* Try it:
Copy every line from the data below in which the string "Require" can be found.

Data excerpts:
(* Let $n\ge1$, let $\mathbf u(z)\in\mathbb R^n$ be a column vector function and let $A$ be a constant real skew-symmetric $n\times n$ matrix. Define block matrices of block size $(1,n,1)\times(1,n,1)$ \[ {\cal B}_0=\begin{pmatrix} -1 & 0 & 0\\ 0 & 0 & 0\\ 0 & 0 & 1 \end{pmatrix},\quad {\cal B}_1=\begin{pmatrix} 0 & \mathbf u^T & 0\\ \mathbf u & 0 & \mathbf u\\ 0 & \mathbf u^T & 0 \end{pmatrix},\quad {\cal B}_2=\begin{pmatrix} (\mathbf u,\mathbf u) & -(\mathbf u')^T & 0\\ \mathbf u' & 0 & -\mathbf u'\\ 0 & (\mathbf u')^T & -(\mathbf u,\mathbf u)\end{pmatrix}, \] \[ {\cal B}_3=\begin{pmatrix} 0 & (\mathbf u,\mathbf u)\mathbf u^T & 0\\ (\mathbf u,\mathbf u)\mathbf u & 2\mathbf u'\mathbf u^T-2\mathbf u(\mathbf u')^T & (\mathbf u,\mathbf u)\mathbf u\\ 0 & (\mathbf u,\mathbf u)\mathbf u^T & 0 \end{pmatrix},\quad {\cal A}_0=\begin{pmatrix} 0&0&0\\ 0&A&0\\ 0&0&0 \end{pmatrix}, \] and \[ {\cal A}=-\zeta(\zeta{\cal B}_0+{\cal B}_1)+z{\cal B}_0-{\cal B}_2-\zeta^{-1}({\cal B}''_1-z{\cal B}_1-{\cal B}_3-{\cal A}_0),\qquad {\cal B}=\zeta{\cal B}_0+{\cal B}_1. \] Then the equation \[ \mathbf u'''= 3(\mathbf u,\mathbf u)\mathbf u'+z\mathbf u'+\mathbf u+A\mathbf u \] admits the isomonodromic Lax representation ${\cal A}'={\cal B}_\zeta+[{\cal B},{\cal A}]$.
   Context: Primes denote derivatives with respect to $z$; $\zeta$ is a spectral parameter independent of $z$; $(\cdot,\cdot)$ is the standard scalar product. ''Admits the Lax representation'' means the matrix equation holds identically in $\zeta$ by virtue of the equation. *)

From HB Require Import structures.
From mathcomp Require Import all_boot all_order all_algebra.
From mathcomp Require Import all_classical all_reals all_analysis.
Set Implicit Arguments. Unset Strict Implicit. Unset Printing Implicit Defensive.
Import Order.TTheory GRing.Theory Num.Theory.
Local Open Scope ring_scope.

Section Defs.
Variable R : realType.

Definition dotc n (v w : 'cV[R]_n) : R := (v^T *m w) 0 0.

* Solution for this task:
From HB Require Import structures.
From mathcomp Require Import all_boot all_order all_algebra.
From mathcomp Require Import all_classical all_reals all_analysis.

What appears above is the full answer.